After I had married her and we had moved into a little house a block from the beach in La Jolla, I often swam out at night, often alone. The Pacific off San Diego is usually so calm that you can get careless. I always remembered that first night of revelation, when I had swum to catch her, fighting my own fear of being consumed by this world-making thing, and then finding myself a part of it. And I had always tried to remember the terrible power waiting in the gentle waves.
One night, angry over some now-forgotten academic feud, I had driven home from the university, changed into my trunks, and plunged recklessly into water that looked as calm as black glass. I had swum until every muscle burned with pain and I had ejected the argument from my mind. I recall very clearly thinking how much simpler it had been being a deputy. And then I had felt the current change beneath me.
A cold, black wave had hit me full on, then it pulled me straight down into the swell. Salty water had forced its way into my nose. I had felt as if I did a somersault and didn’t know the way to the surface. My lungs had ached for new breath. But the cold had kept my head straight, so I just let the wave carry me out to sea. In a few seconds, that seemed like something less than a year, I had popped to the surface again. Then I had swum as best I could parallel to the lights, feeling a current insistently bearing me south. By the time the ocean let me go, I had been carried a mile away, down to Pacific Beach.
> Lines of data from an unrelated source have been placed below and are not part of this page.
(* Once positive, G never drops below that value further right: at a maximum
   point M of G on [x0, t] we have G > 0 near M, so G strictly increases
   right after M by the mean value theorem. *)
Lemma positive_value_persists (x0 t : R) :
  a < x0 -> x0 < t < b -> 0 < G x0 -> G x0 <= G t.
Proof.
  intros Hax0 Ht Hpos.
  destruct (Rle_or_lt (G x0) (G t)) as [Hle | Hdrop]; [exact Hle | exfalso].
  destruct (continuity_ab_maj G x0 t) as [M [HMmax HM]]; [lra | intros y Hy; apply G_continuous; lra |].
  assert (HGM : G x0 <= G M) by (apply HMmax; lra).
  assert (HMt : M < t) by (destruct (Req_dec M t); subst; lra).
  assert (HcM := G_continuous M ltac:(lra)); apply continuity_pt_filterlim in HcM.
  destruct (proj1 (filterlim_locally G (G M)) HcM (mkposreal (G M) ltac:(lra))) as [d Hd].
  pose proof (cond_pos d) as Hdpos.
  pose proof (Rmin_l t (M + d / 2)); pose proof (Rmin_r t (M + d / 2)).
  set (s := Rmin t (M + d / 2)) in *.
  assert (HMs : M < s) by (apply Rmin_glb_lt; lra).
  (* On (M, s) the function stays positive, hence increases strictly: G s > G M. *)
  assert (Hpos_near : forall y, M <= y <= s -> 0 < G y).
  { intros y Hy; assert (Hball : ball M d y) by (change (Rabs (y - M) < d); rewrite Rabs_right; lra).
    specialize (Hd y Hball); change (Rabs (G y - G M) < G M) in Hd; apply Rabs_def2 in Hd; lra. }
  destruct (MVT_gen G M s dG) as [y [Hy Hmvt]].
  - intros y Hy; rewrite Rmin_left, Rmax_right in Hy by lra; apply G_deriv; lra.
  - intros y Hy; rewrite Rmin_left, Rmax_right in Hy by lra; apply G_continuous; lra.
  - rewrite Rmin_left, Rmax_right in Hy by lra.
    assert (0 < dG y) by (apply G_pushes_up, Hpos_near; lra).
    assert (G s <= G M) by (apply HMmax; lra); nra.
Qed.
(* Let $\mathcal{H}$ be a real Hilbert space, $N\ge2$, $\theta\in(0,1)$, $\Gamma\subseteq\mathbb{R}_{++}$ a nonempty closed interval, and for $\gamma\in\Gamma$ let $T_\gamma:\mathcal{H}^{N-1}\to\mathcal{H}^{N-1}$ be the Malitsky--Tam operator defined in the context. Suppose one of the following holds: (a) $A_1,\dots,A_{N-1}:\mathcal{H}\to\mathcal{H}$ are monotone and $L$-Lipschitz, and $A_N:\mathcal{H}\rightrightarrows\mathcal{H}$ is maximally $\mu$-strongly monotone; (b) $A_1,\dots,A_{N-1}:\mathcal{H}\to\mathcal{H}$ are maximally $\mu$-strongly monotone and $L$-Lipschitz, and $A_N:\mathcal{H}\rightrightarrows\mathcal{H}$ is maximally monotone. Then there exists $\beta\in[0,1)$ such that every $T_\gamma$, $\gamma\in\Gamma$, is a $\beta$-contraction.
   Context: $J_A=(\mathrm{Id}+A)^{-1}$. Malitsky--Tam operator: for $\mathbf{x}=(x^1,\dots,x^{N-1})\in\mathcal{H}^{N-1}$, set $z^1=J_{\gamma A_1}x^1$, $z^i=J_{\gamma A_i}(z^{i-1}+x^i-x^{i-1})$ for $i=2,\dots,N-1$, $z^N=J_{\gamma A_N}(z^1+z^{N-1}-x^{N-1})$, and $T_\gamma\mathbf{x}=\mathbf{x}+\theta(z^2-z^1,\dots,z^N-z^{N-1})$. An operator $A$ is $\mu$-strongly monotone if $\langle x-y,u-v\rangle\ge\mu\|x-y\|^2$ for all $(x,u),(y,v)\in\operatorname{gra}A$. A $\beta$-contraction satisfies $\|T\mathbf{x}-T\mathbf{y}\|\le\beta\|\mathbf{x}-\mathbf{y}\|$ in the product norm of $\mathcal{H}^{N-1}$. *)

(* A real Hilbert space is modelled as a complete
   normed module over a realType R whose norm is induced by an inner product. *)
From HB Require Import structures.
From mathcomp Require Import all_boot all_order all_algebra.
From mathcomp Require Import all_classical all_reals all_analysis.
Set Implicit Arguments. Unset Strict Implicit. Unset Printing Implicit Defensive.
Import Order.TTheory GRing.Theory Num.Theory.
Import numFieldNormedType.Exports.
Local Open Scope classical_set_scope.
Local Open Scope ring_scope.

Record inner_product (R : realType) (V : normedModType R) := InnerProduct {
  ip :> V -> V -> R;
  ip_sym : forall x y, ip x y = ip y x;
  ip_linl : forall (a : R) x y z, ip (a *: x + y) z = a * ip x z + ip y z;
  ip_normE : forall x, ip x x = `|x| ^+ 2 }.

Section Ops.
Context {R : realType} {V : completeNormedModType R} (ip : inner_product V).

Definition graph_of (f : V -> V) : V -> set V := fun x => [set f x].

Definition monotone_op (A : V -> set V) : Prop :=
  forall x y u v, A x u -> A y v -> 0 <= ip (x - y) (u - v).

Definition strongly_monotone (mu : R) (A : V -> set V) : Prop :=
  forall x y u v, A x u -> A y v -> mu * `|x - y| ^+ 2 <= ip (x - y) (u - v).

Definition maximally_monotone (A : V -> set V) : Prop :=
  monotone_op A /\
  forall x u, (forall y v, A y v -> 0 <= ip (x - y) (u - v)) -> A x u.

Definition maximally_strongly_monotone (mu : R) (A : V -> set V) : Prop :=
  maximally_monotone A /\ strongly_monotone mu A.

Definition lipschitz_op (L : R) (f : V -> V) : Prop :=
  forall x y, `|f x - f y| <= L * `|x - y|.

(* resolvent J_{gamma A} = (Id + gamma A)^{-1}: the (for maximally monotone A,
   unique) point z with x \in z + gamma A z; chosen by xget *)
Definition resolvent (gamma : R) (A : V -> set V) (x : V) : V :=
  xget 0 [set z | exists u, A z u /\ x = z + gamma *: u].

Definition prod_norm (n : nat) (x : 'I_n -> V) : R :=
  Num.sqrt (\sum_(i < n) `|x i| ^+ 2).
Record is_moncat (C : MonCat) : Prop := {
  comp_idl : forall (A B : C) (f : Hom A B), idm B ∘ f = f;
  comp_idr : forall (A B : C) (f : Hom A B), f ∘ idm A = f;
  compA : forall (A B D E : C) (f : Hom A B) (g : Hom B D) (h : Hom D E),
      h ∘ (g ∘ f) = (h ∘ g) ∘ f;
  tensm_id : forall A B : C, idm A ⊗ₘ idm B = idm (A ⊗ B);
  tensm_comp : forall (A B D A' B' D' : C) (f : Hom A B) (g : Hom B D)
      (f' : Hom A' B') (g' : Hom B' D'),
      (g ∘ f) ⊗ₘ (g' ∘ f') = (g ⊗ₘ g') ∘ (f ⊗ₘ f');
  alpha_inv1 : forall A B D : C, alphai A B D ∘ alpha A B D = idm _;
  alpha_inv2 : forall A B D : C, alpha A B D ∘ alphai A B D = idm _;
  alpha_nat : forall (A A' B B' D D' : C) (f : Hom A A') (g : Hom B B') (h : Hom D D'),
      alpha A' B' D' ∘ ((f ⊗ₘ g) ⊗ₘ h) = (f ⊗ₘ (g ⊗ₘ h)) ∘ alpha A B D;
  lam_inv1 : forall A : C, lami A ∘ lam A = idm _;
  lam_inv2 : forall A : C, lam A ∘ lami A = idm _;
  lam_nat : forall (A B : C) (f : Hom A B), lam B ∘ (idm (munit C) ⊗ₘ f) = f ∘ lam A;
  rho_inv1 : forall A : C, rhoi A ∘ rho A = idm _;
  rho_inv2 : forall A : C, rho A ∘ rhoi A = idm _;
  rho_nat : forall (A B : C) (f : Hom A B), rho B ∘ (f ⊗ₘ idm (munit C)) = f ∘ rho A;
  pentagon : forall A B D E : C,
      alpha A B (D ⊗ E) ∘ alpha (A ⊗ B) D E
      = (idm A ⊗ₘ alpha B D E) ∘ alpha A (B ⊗ D) E ∘ (alpha A B D ⊗ₘ idm E);
  triangle : forall A B : C,
      (idm A ⊗ₘ lam B) ∘ alpha A (munit C) B = rho A ⊗ₘ idm B }.

Definition hcast {C : MonCat} {A B : C} (e : A = B) : Hom A B :=
  match e in _ = B' return Hom A B' with eq_refl => idm A end.

Definition strict (C : MonCat) : Prop :=
  exists (ea : forall A B D : C, A ⊗ B ⊗ D = A ⊗ (B ⊗ D))
         (el : forall A : C, munit C ⊗ A = A)
         (er : forall A : C, A ⊗ munit C = A),
    (forall A B D, alpha A B D = hcast (ea A B D)) /\
    (forall A, lam A = hcast (el A)) /\
    (forall A, rho A = hcast (er A)).

Definition is_iso {C : MonCat} {A B : C} (f : Hom A B) : Prop :=
  exists g : Hom B A, g ∘ f = idm A /\ f ∘ g = idm B.

Definition isoP {C : MonCat} (A B : C) : Prop := exists f : Hom A B, is_iso f.

Definition bij {T U : Type} (F : T -> U) : Prop :=
  exists F' : U -> T, (forall x, F' (F x) = x) /\ (forall y, F (F' y) = y).

Record CIdem (C : MonCat) (e : C) := {
  ci_Phi : Hom (e ⊗ e) e;
  ci_Phii : Hom e (e ⊗ e);
  ci_sig : forall A : C, Hom (e ⊗ A) (A ⊗ e);
  ci_sigi : forall A : C, Hom (A ⊗ e) (e ⊗ A) }.

Definition is_cidem {C : MonCat} {e : C} (d : CIdem e) : Prop :=
  let Phi := ci_Phi d in let sig := ci_sig d in
  (ci_Phii d ∘ Phi = idm _ /\ Phi ∘ ci_Phii d = idm e) /\
  (forall A, ci_sigi d A ∘ sig A = idm _ /\ sig A ∘ ci_sigi d A = idm _) /\
  (forall (A B : C) (f : Hom A B), (f ⊗ₘ idm e) ∘ sig A = sig B ∘ (idm e ⊗ₘ f)) /\
  Phi ∘ (idm e ⊗ₘ Phi) ∘ alpha e e e = Phi ∘ (Phi ⊗ₘ idm e) /\
  Phi ∘ sig e = Phi /\
  (forall A : C,
     (idm A ⊗ₘ Phi) ∘ alpha A e e ∘ (sig A ⊗ₘ idm e) ∘ alphai e A e
       ∘ (idm e ⊗ₘ sig A) ∘ alpha e e A
     = sig A ∘ (Phi ⊗ₘ idm A)) /\
  (forall A B : C,
     sig (A ⊗ B) = alphai A B e ∘ (idm A ⊗ₘ sig B) ∘ alpha A e B
                     ∘ (sig A ⊗ₘ idm B) ∘ alphai e A B).

Section Ideal.
Context {C : MonCat}.

(* objects of overline(e ⊗ C) (a full subcategory) *)
Definition Cid (e X : C) : Prop := exists Y : C, isoP X (e ⊗ Y).

Lemma cid_in (L : is_moncat C) (e X : C) : Cid e (e ⊗ X).
Proof.
  exists X, (idm _), (idm _); split; apply (comp_idl L).
Qed.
Treading water, exhausted, feeling the ocean say, Don’t mess with me. I will kill you , my mind had calmly rested on things I didn’t think of much on land. Things like God and family and the measure of a man’s life. A sense that I had let too many sunny weekend afternoons slip on by, and now maybe I wouldn’t make it back to shore before I froze to death or that rip current came back. When I walked across the rough sand, safe, I had promised myself I wouldn’t lose that clarity.
I wasn’t making promises Monday. I was shaky and nauseated. My ears rang from gunfire in a confined space. The only lucky break was that the elevator at the courthouse was working again. I went up to my office, closed the door and locked it. I sat at the desk and just stared into the bright Arizona sky and thought of swimming at night in the ocean. Still, I couldn’t stop shaking, couldn’t tone down the metronome in my chest.
I sat long enough that my eyes focused on the edge of an unmarked brown envelope. It had been set up against the door last week. I had brought it in and forgotten it. Now I pulled it out of the new pile of files that partially obscured it, pulled it across the desk. It didn’t even have my name on the outside. I ran a letter opener through it. Two sheets of papers were inside. They were Photostats. The quality was rotten-but good enough to make out. I read them and set them aside, staring up at the old high ceiling. Then I read them again. By that time I wasn’t shaking.
“Talbott. He wasn’t…” I realized I was talking to myself. Grandmother had done that when she was older, and now I wondered if it was hardwired in the family. The first Photostat was the same booking record Zelda Chain had shown me. John Henry Talbott, also known as Jack Talbott, was arrested for misdemeanor drunk and disorderly at 1:10 on the morning of Nov. 27, 1941. The second record was new: it was a Phoenix City Jail prisoner release for Talbott, two days later.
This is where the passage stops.